The New Safety Net: Why Entrepreneurship Is Thriving as Traditional Jobs Disappear As U.S. employers announced 1.2 million job cuts in 2025, Shopify data shows a record surge in people starting their own businesses.
The script has flipped. For decades, the conventional wisdom held that a steady 9-to-5 job was the safe bet and entrepreneurship was a risky gamble. But a wave of layoffs across corporate America, accelerated by artificial intelligence, is forcing millions to reconsider.
According to outplacement firm Challenger, Gray & Christmas, U.S. employers announced 1.2 million job cuts in 2025, the highest total since 2020. In March alone, AI was the single most-cited reason for layoffs, accounting for one in four announced cuts.

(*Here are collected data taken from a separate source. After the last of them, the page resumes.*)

Lemma l2norm2_lincomb (s : seq (R * sv)) : all_l2 s ->
  (forall k i, \sum_(cf <- s) cf.1 * cabs2 (cf.2 k i 0) = 0) ->
  \sum_(cf <- s) cf.1 * l2norm2 cf.2 = 0.
Proof.
move=> hs h0.
have hcvg : series (fun k => \sum_(cf <- s) cf.1 * vnorm2 (cf.2 k)) @ \oo -->
            \sum_(cf <- s) cf.1 * l2norm2 cf.2.
  elim: s hs {h0} => [_|cf s IH [hcf hs]].
    under eq_fun do rewrite big_nil.
    by rewrite series_cst0 big_nil; exact: cvg_cst.
  have -> : (fun k => \sum_(c <- cf :: s) c.1 * vnorm2 (c.2 k)) =
      cf.1 *: (fun k => vnorm2 (cf.2 k)) + (fun k => \sum_(c <- s) c.1 * vnorm2 (c.2 k)).
    by apply/funext => k; rewrite big_cons.
  by rewrite big_cons seriesD seriesZ; apply: cvgD; [exact: cvgZ (cvg_cst _) _|exact: IH].
have h0s : (fun k => \sum_(cf <- s) cf.1 * vnorm2 (cf.2 k)) = fun _ => 0.
  apply/funext => k; under eq_bigr do rewrite /vnorm2 mulr_sumr.
  by rewrite exchange_big /=; apply: big1 => i _; exact: h0.
by rewrite h0s series_cst0 in hcvg; rewrite -(cvg_lim _ hcvg) // lim_cst.
Qed.

(* Reified [sadd]/[sscale] expressions: their entries then compute by [cbn], whereas
   rewriting matrix entries under [sadd] with [mxE] is prohibitively slow. *)
Inductive lexpr := lvar of sv | ladd of lexpr & lexpr | lscale of C & lexpr.

Fixpoint leval (e : lexpr) : sv :=
  match e with
  | lvar x => x
  | ladd e1 e2 => sadd (leval e1) (leval e2)
  | lscale c e => sscale c (leval e)
  end.

Fixpoint lentry (e : lexpr) k i : C :=
  match e with
  | lvar x => x k i 0
  | ladd e1 e2 => lentry e1 k i + lentry e2 k i
  | lscale c e => c * lentry e k i
  end.

Fixpoint lvars_l2 (e : lexpr) : Prop :=
  match e with
  | lvar x => l2 x
  | ladd e1 e2 => lvars_l2 e1 /\ lvars_l2 e2
  | lscale _ e => lvars_l2 e
  end.

Lemma leval_entry e k i : leval e k i 0 = lentry e k i.
Proof.
elim: e => [x|e1 IH1 e2 IH2|c e IH] //=; first by rewrite /sadd mxE IH1 IH2.
by rewrite /sscale mxE IH.
Qed.

Lemma l2_leval e : lvars_l2 e -> l2 (leval e).
Proof.
elim: e => [x|e1 IH1 e2 IH2|c e IH] //=; last by move=> /IH; exact: l2_scale.
by case=> /IH1 h1 /IH2 h2; exact: l2_add.
Qed.

Fixpoint all_lvars_l2 (s : seq (R * lexpr)) : Prop :=
  if s is ce :: s' then lvars_l2 ce.2 /\ all_lvars_l2 s' else True.

Lemma l2norm2_lexpr_rel (s : seq (R * lexpr)) : all_lvars_l2 s ->
  (forall k i, \sum_(ce <- s) ce.1 * cabs2 (lentry ce.2 k i) = 0) ->
  \sum_(ce <- s) ce.1 * l2norm2 (leval ce.2) = 0.
Proof.
move=> hs h0; have := @l2norm2_lincomb [seq (ce.1, leval ce.2) | ce <- s].
rewrite big_map; apply.
  by elim: s hs {h0} => //= ce s IH [/l2_leval h1 /IH h2].
move=> k i; rewrite big_map -[RHS](h0 k i).
by elim: s {hs h0} => [|ce s IH]; rewrite ?big_nil // !big_cons /= leval_entry IH.
Qed.

Ltac reify_lexpr t :=
  lazymatch t with
  | sadd ?a ?b => let ra := reify_lexpr a in let rb := reify_lexpr b in constr:(ladd ra rb)
  | sscale ?c ?a => let ra := reify_lexpr a in constr:(lscale c ra)
  | _ => constr:(lvar t)
  end.
Ltac reify_rel s :=
  lazymatch s with
  | nil => constr:(@nil (R * lexpr))
  | cons (?c, ?t) ?s' => let e := reify_lexpr t in let r := reify_rel s' in
                         constr:(cons (c, e) r)
  end.
Ltac l2norm2_rel s :=
  let r := reify_rel s in
  have := l2norm2_lexpr_rel r ltac:(cbn [all_lvars_l2 lvars_l2 snd]; repeat split; assumption)
    ltac:(move=> k i; rewrite !big_cons big_nil; cbn [fst snd lentry];
          repeat match goal with
          | |- context [ @fun_of_matrix _ _ _ (?x ?k) ?i ?j ] =>
            move: (@fun_of_matrix _ _ _ (x k) i j) => [? ?] end;
          rewrite -?complexiE /cabs2 /=; ring);
  rewrite !big_cons big_nil; cbn [fst snd leval].

Local Notation LL c x y := (l2norm2 (sadd x (sscale c y))).

Lemma innerE (x y : sv) : inner x y =
  Complex ((LL 1 x y - LL (-1) x y) / 4%:R) ((LL 'i x y - LL (-'i) x y) / 4%:R).
Proof.
rewrite /inner !big_ord_recl big_ord0 !lift0; cbn [nat_of_ord ord0].
rewrite expr0 expr1 [_ ^+ 3]exprS sqr_i mulrN1 -complexiE.
move: (LL 1 x y) (LL (-1) x y) (LL 'i x y) (LL (-'i) x y) => a b c d.
rewrite -(rmorph_nat (real_complex R)) -fmorphV.
by apply: cplx_eq => /=; lra.
Qed.

Ltac solve_rel := repeat match goal with
  | |- context [ l2norm2 ?s ] => let L := fresh "L" in generalize (l2norm2 s); intro L end;
  move=> *; apply: cplx_eq => /=; lra.

Lemma inner_addl (x x' z : sv) : l2 x -> l2 x' -> l2 z ->
  inner (sadd x x') z = inner x z + inner x' z.
Proof.
move=> hx hx' hz; rewrite !innerE.
l2norm2_rel ([:: (1, sadd (sadd x x') (sscale 1 z)); (-1, sadd (sadd x x') (sscale (-1) z));
   (-1, sadd x (sscale 1 z)); (1, sadd x (sscale (-1) z));
   (-1, sadd x' (sscale 1 z)); (1, sadd x' (sscale (-1) z))] : seq (R * sv)).
l2norm2_rel ([:: (1, sadd (sadd x x') (sscale 'i z)); (-1, sadd (sadd x x') (sscale (-'i) z));
   (-1, sadd x (sscale 'i z)); (1, sadd x (sscale (-'i) z));
   (-1, sadd x' (sscale 'i z)); (1, sadd x' (sscale (-'i) z))] : seq (R * sv)).
solve_rel.
Qed.

Lemma inner_scalel (a : C) (x z : sv) : l2 x -> l2 z ->
  inner (sscale a x) z = a * inner x z.
Proof.
move=> hx hz; rewrite !innerE; case: a => ar ai.
l2norm2_rel ([:: (1, sadd (sscale (Complex ar ai) x) (sscale 1 z));
   (-1, sadd (sscale (Complex ar ai) x) (sscale (-1) z));
   (-ar, sadd x (sscale 1 z)); (ar, sadd x (sscale (-1) z));
   (ai, sadd x (sscale 'i z)); (-ai, sadd x (sscale (-'i) z))] : seq (R * sv)).
l2norm2_rel ([:: (1, sadd (sscale (Complex ar ai) x) (sscale 'i z));
   (-1, sadd (sscale (Complex ar ai) x) (sscale (-'i) z));
   (-ar, sadd x (sscale 'i z)); (ar, sadd x (sscale (-'i) z));
   (-ai, sadd x (sscale 1 z)); (ai, sadd x (sscale (-1) z))] : seq (R * sv)).
solve_rel.
Qed.

Lemma inner_conj (x y : sv) : l2 x -> l2 y -> inner y x = (inner x y)^*%C.
Proof.
move=> hx hy; rewrite !innerE.
l2norm2_rel ([:: (1, sadd y (sscale 1 x)); (-1, sadd y (sscale (-1) x));
   (-1, sadd x (sscale 1 y)); (1, sadd x (sscale (-1) y))] : seq (R * sv)).
l2norm2_rel ([:: (1, sadd y (sscale 'i x)); (-1, sadd y (sscale (-'i) x));
   (1, sadd x (sscale 'i y)); (-1, sadd x (sscale (-'i) y))] : seq (R * sv)).
solve_rel.
Qed.

Lemma inner_self (x : sv) : l2 x -> inner x x = (l2norm2 x)%:C%C.
Proof.
move=> hx; rewrite !innerE.
l2norm2_rel ([:: (1, sadd x (sscale 1 x)); (-1, sadd x (sscale (-1) x)); (-4, x)]
  : seq (R * sv)).
l2norm2_rel ([:: (1, sadd x (sscale 'i x)); (-1, sadd x (sscale (-'i) x))] : seq (R * sv)).
solve_rel.
Qed.

Lemma l2norm2_fshift_scaleD (c : C) (a b : sv) : l2 a -> l2 b -> cabs2 c = 1 ->
  LL c (fshift a) b = vnorm2 (b 0%N) + LL c a (bshift b).
Proof.
move=> ha hb hc; have hs : l2 (sadd (fshift a) (sscale c b)).
  by apply: l2_add; [exact: l2_fshift|exact: l2_scale].
rewrite (proj2 (l2_bshift hs)). congr (_ + _).
by apply: eq_bigr => i _; rewrite /sadd /sscale /fshift !mxE add0r cabs2M hc mul1r.
Qed.
(* Let $N\ge 2$ be an integer and $\tau>0$. For $t\in\{0,\tau,2\tau,\dots\}$ let $u_j^t=u(j,t)$, $j=0,\dots,N$, be defined by prescribed initial values $u(j,0)$ with $0\le u(j,0)\le 1$ for $j=0,\dots,N$, the Dirichlet boundary condition $u_0^t=u_N^t=0$ for all $t$, and the iteration, for $j=1,\dots,N-1$, $$u_j^{t+\tau}=u_j^t+\frac{u_j^tu_{j-1}^t}{2}\bigl(u_j^t+u_{j-1}^t-1\bigr)\bigl(u_{j-1}^t-u_j^t\bigr)+\frac{u_j^tu_{j+1}^t}{2}\bigl(u_j^t+u_{j+1}^t-1\bigr)\bigl(u_{j+1}^t-u_j^t\bigr).$$ Then the total density is conserved: for every $t\in\{0,\tau,2\tau,\dots\}$, $$\sum_{j=1}^{N-1}u(j,t+\tau)=\sum_{j=1}^{N-1}u(j,t).$$
   Context: This is an aggregation–diffusion lattice model for a cell density on the grid points $x_j=j/N$; $\tau$ is the time step. *)

From HB Require Import structures.
From mathcomp Require Import all_boot all_order all_algebra.
From mathcomp Require Import reals.
Set Implicit Arguments. Unset Strict Implicit. Unset Printing Implicit Defensive.
Import Order.TTheory GRing.Theory Num.Theory.
Local Open Scope ring_scope.

Definition lattice_step {R : realType} (u : nat -> R -> R) (j : nat) (t : R) : R :=
  u j t
  + (u j t * u j.-1 t / 2) * (u j t + u j.-1 t - 1) * (u j.-1 t - u j t)
  + (u j t * u j.+1 t / 2) * (u j t + u j.+1 t - 1) * (u j.+1 t - u j t).

From HB Require Import structures.
From mathcomp Require Import all_boot all_order all_algebra.
From mathcomp Require Import reals ring.
Import Order.TTheory GRing.Theory Num.Theory.
Local Open Scope ring_scope.

(* The scheme is in conservation form: the update at site j is the difference
   of the fluxes through the two bonds (j, j+1) and (j-1, j), so the total mass
   changes only by the fluxes through the boundary bonds, and these vanish
   because the flux carries the factor u_j u_(j+1) and u_0 = u_N = 0. *)

Definition bond_flux {F : fieldType} (a b : F) : F :=
  (a * b / 2) * (a + b - 1) * (b - a).

Lemma bond_flux0l {F : fieldType} (b : F) : bond_flux 0 b = 0.
Proof. by rewrite /bond_flux !(mul0r, mulr0). Qed.

Lemma bond_flux0r {F : fieldType} (a : F) : bond_flux a 0 = 0.
Proof. by rewrite /bond_flux !(mul0r, mulr0). Qed.

Lemma lattice_step_flux {R : realType} (u : nat -> R -> R) (j : nat) (t : R) :
  lattice_step u j t =
  u j t + (bond_flux (u j t) (u j.+1 t) - bond_flux (u j.-1 t) (u j t)).
Proof. by rewrite /lattice_step /bond_flux; ring. Qed.

Lemma sum_conservation_form {V : zmodType} (m n : nat) (v w G : nat -> V) :
  (m <= n)%N ->
  (forall j, (m <= j < n)%N -> w j = v j + (G j.+1 - G j)) ->
  \sum_(m <= j < n) w j = \sum_(m <= j < n) v j + (G n - G m).
Proof.
move=> le_mn wE.
by rewrite -telescope_sumr // -big_split /=; apply: eq_big_nat.
Qed.

Theorem theorem3p2 (R : realType) (N : nat) (tau : R) (u : nat -> R -> R)
  (hN : (2 <= N)%N) (htau : 0 < tau)
  (hinit : forall j : nat, (j <= N)%N -> 0 <= u j 0 <= 1)
  (hbd0 : forall k : nat, u 0%N (k%:R * tau) = 0)
  (hbdN : forall k : nat, u N (k%:R * tau) = 0)
  (hstep : forall (k j : nat), (1 <= j)%N -> (j <= N.-1)%N ->
     u j (k%:R * tau + tau) = lattice_step u j (k%:R * tau)) :
  forall k : nat,
    \sum_(1 <= j < N) u j (k%:R * tau + tau) = \sum_(1 <= j < N) u j (k%:R * tau).
Proof.
move=> k; set t := k%:R * tau.
pose G j := bond_flux (u j.-1 t) (u j t).
rewrite (@sum_conservation_form _ _ _ (u^~ t) _ G) ?(ltnW hN) //.
- by rewrite /G hbdN hbd0 bond_flux0l bond_flux0r subrr addr0.
- move=> j /andP[j_ge1 j_ltN].
  have j_le_predN : (j <= N.-1)%N by rewrite -ltnS (ltn_predK j_ltN).
  by rewrite hstep // lattice_step_flux.
Qed.
(* Let $X$ and $\Lambda$ be nonempty sets, $f: X\to\mathbb{R}$ a function, and $(f_\lambda)_{\lambda\in\Lambda}$ a family of real-valued functions on $X$ such that $(f_\lambda(x))_{\lambda\in\Lambda}\in\ell^\infty(\Lambda)$ for each $x\in X$. Then the family $(f_\lambda-f)_{\lambda\in\Lambda}$ is infsup-convex on $X$ if and only if for every $\alpha\in\mathbb{R}$ satisfying $f(x)+\alpha\le\sup_{\lambda\in\Lambda}f_\lambda(x)$ for all $x\in X$, there exists $\Phi\in\Delta_\Lambda$ such that $f(x)+\alpha\le\Phi((f_\lambda(x))_{\lambda\in\Lambda})$ for all $x\in X$.
   Context: For a nonempty set $\Lambda$, $\ell^\infty(\Lambda)$ is the real Banach space of bounded real-valued functions on $\Lambda$ (sup-norm), $\ell^\infty(\Lambda)^*$ its topological dual, and $\Delta_\Lambda:=\{\Phi\in\ell^\infty(\Lambda)^*:\ \Phi(\varphi)\le\sup_{\lambda\in\Lambda}\varphi(\lambda)\ \forall\varphi\in\ell^\infty(\Lambda)\}$. Let $\Delta_m:=\{(t_1,\dots,t_m)\in\mathbb{R}^m: t_j\ge0,\ \sum_j t_j=1\}$. A family $(g_\lambda)_{\lambda\in\Lambda}$ of real-valued functions on a nonempty set $X$ is infsup-convex on $X$ if for all $m\ge1$, $\mathbf{t}\in\Delta_m$ and $x_1,\dots,x_m\in X$: $\inf_{x\in X}\sup_{\lambda\in\Lambda}g_\lambda(x)\le\sup_{\lambda\in\Lambda}\sum_{j=1}^m t_j g_\lambda(x_j)$. *)

From HB Require Import structures.
From mathcomp Require Import all_boot all_order all_algebra.
From mathcomp Require Import all_classical all_reals.
From mathcomp Require Import ereal Rstruct.
Set Implicit Arguments. Unset Strict Implicit. Unset Printing Implicit Defensive.
Import Order.TTheory GRing.Theory Num.Theory.
Local Open Scope ring_scope.
Local Open Scope classical_set_scope.
(* Let $X\subseteq\mathbb{R}^n$ be a nonempty closed convex set with $0\in X$, $\|\cdot\|$ the Euclidean norm, $D(x\|x')=\tfrac12\|x-x'\|^2$, and suppose $\max_{x,x'\in X}D(x\|x')\le F^2$. Let $\tau\in\mathbb{N}$, $T\in\mathbb{N}$, and let $f_1,\dots,f_{T+\tau}:\mathbb{R}^n\to\mathbb{R}$ be convex differentiable functions with $\|\nabla f_t(x)\|\le L$ for all $x\in X$ and all $t$. Let $x^*\in X$ be a minimizer over $X$ of $f^*(x)=\frac1T\sum_{t=1}^Tf_t(x)$, and suppose each $f_t$ is strongly convex with parameter $\lambda>0$ in the sense that $f_t(x^* )\ge f_t(x)+\langle x^*-x,\nabla f_t(x)\rangle+\frac{\lambda}{2}\|x-x^*\|^2$ for all $x\in X$. Run delayed stochastic gradient descent: $x_1=\dots=x_{\tau+1}=0$, $g_t=\nabla f_t(x_t)$, and for $t=\tau+1,\dots,T+\tau$, $x_{t+1}=\operatorname{argmin}_{x\in X}\|x-(x_t-\eta_tg_{t-\tau})\|$, with learning rate $\eta_t=\frac{1}{\lambda(t-\tau)}$ for $t>\tau$ and $\eta_t=0$ for $t\le\tau$. Then the regret $R[X]=\sum_{t=1}^T\big(f_t(x_t)-f_t(x^* )\big)$ satisfies $$R[X]\le \lambda\tau F^2+\Big[\tfrac12+\tau\Big]\frac{L^2}{\lambda}\big(1+\tau+\log T\big).$$
   Context: $\log$ denotes the natural logarithm. *)

From HB Require Import structures.
From mathcomp Require Import all_boot all_order all_algebra.
From mathcomp Require Import all_classical all_reals all_analysis.
Set Implicit Arguments. Unset Strict Implicit. Unset Printing Implicit Defensive.
Import Order.TTheory GRing.Theory Num.Theory.
Import numFieldNormedType.Exports.
Local Open Scope ring_scope.
Local Open Scope classical_set_scope.
Lemma Rintegral_by_parts_primitive :
  \int[mu]_(s in `[0, t]) (u' s * \int[mu]_(r in `[0, s]) v' r) =
  (\int[mu]_(s in `[0, t]) u' s) * (\int[mu]_(r in `[0, t]) v' r)
  - \int[mu]_(r in `[0, t]) ((\int[mu]_(s in `[0, r]) u' s) * v' r).
Proof.
pose U x := \int[mu]_(s in `[0, x]) u' s.
pose V x := \int[mu]_(s in `[0, x]) v' s.
have iuV := integrableM_continuous iu (parameterized_integral_continuous t0 iv).
have iUv := integrableM_continuous iv (parameterized_integral_continuous t0 iu).
have ivUt : mu.-integrable `[0, t] (EFin \o (fun r => v' r * U t)).
  by apply: integrableM_continuous => // x; exact: cvg_cst.
have ivU : mu.-integrable `[0, t] (EFin \o (fun r => v' r * (U t - U r))).
  under [X in EFin \o X]funext do rewrite mulrBr.
  exact: integrableB ivUt iUv.
have := Fubini integrable_F.
under eq_integral do rewrite integral_F_fst.
under [X in _ = X -> _]eq_integral do rewrite integral_F_snd.
rewrite -!integral_mkcond => fubini.
have -> : \int[mu]_(s in `[0, t]) (u' s * V s) =
          \int[mu]_(s in `[0, t]) (v' s * (U t - U s)).
  by apply: EFin_inj; rewrite !EFin_Rintegral // fubini.
under eq_Rintegral do rewrite mulrBr.
rewrite RintegralB // RintegralZr // mulrC.
by congr (_ - _); apply: eq_Rintegral => r _; rewrite mulrC.
Qed.

End Rintegral_by_parts_primitive.

Section primitive.
Context {R : realType}.
Notation mu := (@lebesgue_measure R).

Definition primitive (t : R) (u u' : R -> R) :=
  mu.-integrable `[0, t] (EFin \o u') /\
  forall s, s \in `[0, t] -> u s = u 0 + \int[mu]_(x in `[0, s]) u' x.

Lemma H1s_primitive (t : R) (u u' : R -> R) : H1s t u u' -> primitive t u u'.
Proof. by case=> iu [_ h]; split. Qed.

Lemma Rintegral_primitive (t : R) (u u' : R -> R) : 0 <= t -> primitive t u u' ->
  \int[mu]_(x in `[0, t]) u' x = u t - u 0.
Proof.
by move=> t0 [_ h]; rewrite [u t]h ?in_itv /= ?t0 ?lexx // addrC addKr.
Qed.

Lemma eq_primitive (t : R) (u v u' v' : R -> R) : 0 <= t ->
  {in `[0, t], u =1 v} -> u' =1 v' -> primitive t u u' -> primitive t v v'.
Proof.
move=> t0 uv /funext <- [iu h]; split => // s sI.
by rewrite -!uv ?in_itv /= ?lexx ?t0 //; exact: h.
Qed.

Lemma primitive_le (s t : R) (u u' : R -> R) :
  s <= t -> primitive t u u' -> primitive s u u'.
Proof.
move=> st [iu h]; split; first exact: integrable_itvcc0_le iu.
by move=> x xs; apply: h; exact: in_itvcc0_le xs.
Qed.

Lemma primitive_continuous (t : R) (u u' : R -> R) : 0 <= t -> primitive t u u' ->
  {within `[0, t], continuous u}.
Proof.
move=> t0 [iu h].
apply: (@subspace_eq_continuous _ `[0, t] _
  (fun x => u 0 + \int[mu]_(y in `[0, x]) u' y) u).
  by move=> x xI; rewrite -h //; exact/set_mem.
move=> x; apply: cvgD; first exact: cvg_cst.
exact: parameterized_integral_continuous t0 iu x.
Qed.

Lemma measurable_primitive (t : R) (u u' : R -> R) : 0 <= t -> primitive t u u' ->
  measurable_fun `[0, t] u.
Proof.
move=> t0 h; apply: subspace_continuous_measurable_fun => //.
exact: primitive_continuous h.
Qed.

Lemma measurable_primitive_deriv (t : R) (u u' : R -> R) : primitive t u u' ->
  measurable_fun `[0, t] u'.
Proof. by case=> iu _; apply/measurable_EFinP; exact: measurable_int iu. Qed.

Lemma primitive_cst (t c : R) : primitive t (fun=> c) (fun=> 0).
Proof.
split; first exact: integrable0.
by move=> s _; rewrite Rintegral_cst // mul0r addr0.
Qed.

Lemma primitiveD (t : R) (u u' v v' : R -> R) :
  primitive t u u' -> primitive t v v' ->
  primitive t (fun x => u x + v x) (fun x => u' x + v' x).
Proof.
move=> [iu hu] [iv hv]; split; first exact: integrableD iu iv.
move=> s sI; have st : s <= t by move: sI; rewrite in_itv => /andP[].
rewrite RintegralD //; try exact: integrable_itvcc0_le st _.
by rewrite (hu s) // (hv s) // addrACA.
Qed.

Lemma primitiveZ (t k : R) (u u' : R -> R) : primitive t u u' ->
  primitive t (fun x => k * u x) (fun x => k * u' x).
Proof.
move=> [iu hu]; split; first exact: integrableZl iu.
move=> s sI; have st : s <= t by move: sI; rewrite in_itv => /andP[].
by rewrite RintegralZl ?(integrable_itvcc0_le st) // (hu s) // mulrDr.
Qed.

Lemma primitive_sum (t : R) (I : Type) (r : seq I) (f f' : I -> R -> R) :
  (forall i, primitive t (f i) (f' i)) ->
  primitive t (fun x => \sum_(i <- r) f i x) (fun x => \sum_(i <- r) f' i x).
Proof.
move=> h; elim: r => [|i r IH].
  under eq_fun do rewrite big_nil.
  under [X in primitive _ _ X]eq_fun do rewrite big_nil.
  exact: primitive_cst.
under eq_fun do rewrite big_cons.
under [X in primitive _ _ X]eq_fun do rewrite big_cons.
exact: primitiveD.
Qed.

Snap Inc. announced Wednesday it would cut 16% of its workforce, about 1,000 employees, with CEO Evan Spiegel explicitly tying the decision to AI-driven efficiency. The company said artificial intelligence now generates more than 65% of new software code.
Snap is not alone. In February, financial tech firm Block said it would cut 40% of its workforce, more than 4,000 employees, while pivoting to AI tools. According to Layoffs.fyi, more than 80 tech companies have eliminated approximately 71,440 jobs so far this year.
The Entrepreneurial Surge
While traditional employment contracts, another path is expanding dramatically. New data from Shopify, which powers millions of online businesses across 175 countries, tells a striking story.
Since 2018, the number of Shopify merchants who have made a first sale has increased sevenfold. The platform recorded a record surge in new business creation at the start of 2026, continuing a trend that began years before.
"For anyone weighing their options, the trendlines are hard to ignore," Shopify's analysis states. "One path is expanding, the other is contracting."
Repeat Founders Get Better
The data also challenges the notion that entrepreneurship is a one-shot gamble. Merchants who have previously launched a business on Shopify and return to build a second one earn more than twice the sales per shop on average, compared to first-time founders.
This pattern aligns with academic research showing that previous founders outperform first-timers, with the performance gap widening over successive ventures.
"The first venture is the hardest, but each one after benefits from accumulated knowledge: how to find customers, how to select a market, how to run operations," Shopify's report notes. "These are skills, and they compound."
Revenue Grows Over Time
Entrepreneurs who stick with it don't just survive; they thrive. Shopify merchants who started their businesses between 2017 and 2020 saw their average sales grow by 25% from 2022 to 2025.
A significant driver is the market itself. Ecommerce has grown from 14% of global retail sales in 2019 to more than 20% in 2025. Shopify now powers more than 14% of U.S. ecommerce.
"People entering entrepreneurship today are not competing for a fixed share of economic activity," the report states. "The pie is expanding, and entrepreneurs are eating well."
The Risk Equation Has Flipped
For years, the knock on entrepreneurship was risk. The safe move was a classic 9-to-5. But that traditional path is contracting. And entrepreneurship, by every measure, is expanding.
"The data says they're right to build," Shopify concludes.
As tens of thousands of tech workers receive layoff notices, a growing number are arriving at the same conclusion: the most future-proof job is the one you create for yourself.